> [EXERCISE]: Return the lines beginning at the one that contains "case/quat_inj => _" and continuing to the end of the entries, including both ends, exactly as written and nothing else.

Saved data entries:
*** Block opens ***

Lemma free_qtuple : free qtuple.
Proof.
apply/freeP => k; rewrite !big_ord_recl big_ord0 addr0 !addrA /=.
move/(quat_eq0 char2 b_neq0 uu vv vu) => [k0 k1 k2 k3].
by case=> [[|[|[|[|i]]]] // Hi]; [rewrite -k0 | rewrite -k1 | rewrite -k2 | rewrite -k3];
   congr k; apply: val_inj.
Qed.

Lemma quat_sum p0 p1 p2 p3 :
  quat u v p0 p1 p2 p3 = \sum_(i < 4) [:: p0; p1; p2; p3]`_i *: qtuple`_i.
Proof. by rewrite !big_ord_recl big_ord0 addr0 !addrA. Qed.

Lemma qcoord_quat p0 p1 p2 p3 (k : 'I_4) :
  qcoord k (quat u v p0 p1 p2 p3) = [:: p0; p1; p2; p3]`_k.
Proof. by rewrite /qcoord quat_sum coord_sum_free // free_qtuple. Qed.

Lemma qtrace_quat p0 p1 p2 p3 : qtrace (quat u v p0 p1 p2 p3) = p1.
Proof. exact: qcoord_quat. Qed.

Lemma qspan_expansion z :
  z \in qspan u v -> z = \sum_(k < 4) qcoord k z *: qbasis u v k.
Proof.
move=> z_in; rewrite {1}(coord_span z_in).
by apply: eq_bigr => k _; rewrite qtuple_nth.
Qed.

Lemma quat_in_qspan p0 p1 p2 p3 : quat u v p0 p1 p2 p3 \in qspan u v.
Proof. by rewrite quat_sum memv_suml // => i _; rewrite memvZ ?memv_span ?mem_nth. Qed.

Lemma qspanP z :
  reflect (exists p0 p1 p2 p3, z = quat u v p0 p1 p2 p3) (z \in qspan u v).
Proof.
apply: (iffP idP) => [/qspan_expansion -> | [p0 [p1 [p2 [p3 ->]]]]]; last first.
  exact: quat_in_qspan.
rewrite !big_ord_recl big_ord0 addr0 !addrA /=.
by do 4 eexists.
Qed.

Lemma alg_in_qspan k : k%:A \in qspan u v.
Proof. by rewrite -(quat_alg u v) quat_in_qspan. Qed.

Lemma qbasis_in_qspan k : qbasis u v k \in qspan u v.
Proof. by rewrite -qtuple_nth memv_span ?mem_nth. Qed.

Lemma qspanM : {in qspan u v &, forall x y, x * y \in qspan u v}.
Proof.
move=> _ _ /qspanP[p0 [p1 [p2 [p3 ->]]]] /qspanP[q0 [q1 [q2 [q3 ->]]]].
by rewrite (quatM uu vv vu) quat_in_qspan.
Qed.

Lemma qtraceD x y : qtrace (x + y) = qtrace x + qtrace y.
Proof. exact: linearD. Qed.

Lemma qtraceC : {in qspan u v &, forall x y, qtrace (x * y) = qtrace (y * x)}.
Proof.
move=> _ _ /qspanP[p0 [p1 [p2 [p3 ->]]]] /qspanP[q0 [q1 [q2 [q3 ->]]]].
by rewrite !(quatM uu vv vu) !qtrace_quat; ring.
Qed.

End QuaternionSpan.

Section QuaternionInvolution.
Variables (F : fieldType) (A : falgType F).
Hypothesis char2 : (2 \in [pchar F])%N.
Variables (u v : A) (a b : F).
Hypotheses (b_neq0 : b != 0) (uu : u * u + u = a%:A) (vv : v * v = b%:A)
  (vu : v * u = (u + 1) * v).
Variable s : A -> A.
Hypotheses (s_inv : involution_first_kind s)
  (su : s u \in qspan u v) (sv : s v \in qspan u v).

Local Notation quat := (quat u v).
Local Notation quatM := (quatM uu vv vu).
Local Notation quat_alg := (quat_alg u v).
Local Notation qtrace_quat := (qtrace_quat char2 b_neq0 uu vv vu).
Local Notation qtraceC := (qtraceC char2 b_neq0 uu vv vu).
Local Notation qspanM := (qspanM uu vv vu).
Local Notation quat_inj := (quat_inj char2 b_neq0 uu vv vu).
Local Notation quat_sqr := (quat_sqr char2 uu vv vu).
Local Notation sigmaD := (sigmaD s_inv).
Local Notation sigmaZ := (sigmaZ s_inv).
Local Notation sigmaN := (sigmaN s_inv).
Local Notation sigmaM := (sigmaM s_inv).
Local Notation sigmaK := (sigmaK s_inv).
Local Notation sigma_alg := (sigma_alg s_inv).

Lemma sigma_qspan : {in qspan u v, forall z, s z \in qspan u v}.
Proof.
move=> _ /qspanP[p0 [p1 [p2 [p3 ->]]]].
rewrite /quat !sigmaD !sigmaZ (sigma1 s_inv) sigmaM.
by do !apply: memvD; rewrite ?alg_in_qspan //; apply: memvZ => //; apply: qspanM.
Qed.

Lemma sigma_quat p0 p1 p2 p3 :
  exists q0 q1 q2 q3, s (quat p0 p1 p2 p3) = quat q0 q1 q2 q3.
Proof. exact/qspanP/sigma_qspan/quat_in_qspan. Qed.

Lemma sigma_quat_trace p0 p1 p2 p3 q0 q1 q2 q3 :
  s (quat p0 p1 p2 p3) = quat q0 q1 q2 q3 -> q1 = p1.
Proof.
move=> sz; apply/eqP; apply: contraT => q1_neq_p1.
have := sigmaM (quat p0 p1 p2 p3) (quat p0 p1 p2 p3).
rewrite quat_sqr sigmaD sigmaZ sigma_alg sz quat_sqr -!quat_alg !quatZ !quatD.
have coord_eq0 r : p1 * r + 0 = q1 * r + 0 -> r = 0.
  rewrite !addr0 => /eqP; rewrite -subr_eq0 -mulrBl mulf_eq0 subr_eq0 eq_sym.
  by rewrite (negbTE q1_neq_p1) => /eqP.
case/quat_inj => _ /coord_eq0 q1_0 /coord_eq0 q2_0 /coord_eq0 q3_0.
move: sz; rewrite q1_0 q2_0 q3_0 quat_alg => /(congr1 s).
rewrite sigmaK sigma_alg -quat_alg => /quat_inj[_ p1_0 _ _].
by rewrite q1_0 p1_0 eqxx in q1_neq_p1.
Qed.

*** Block closes ***

> [OUTPUT OF THE EXERCISE]:
case/quat_inj => _ /coord_eq0 q1_0 /coord_eq0 q2_0 /coord_eq0 q3_0.
move: sz; rewrite q1_0 q2_0 q3_0 quat_alg => /(congr1 s).
rewrite sigmaK sigma_alg -quat_alg => /quat_inj[_ p1_0 _ _].
by rewrite q1_0 p1_0 eqxx in q1_neq_p1.
Qed.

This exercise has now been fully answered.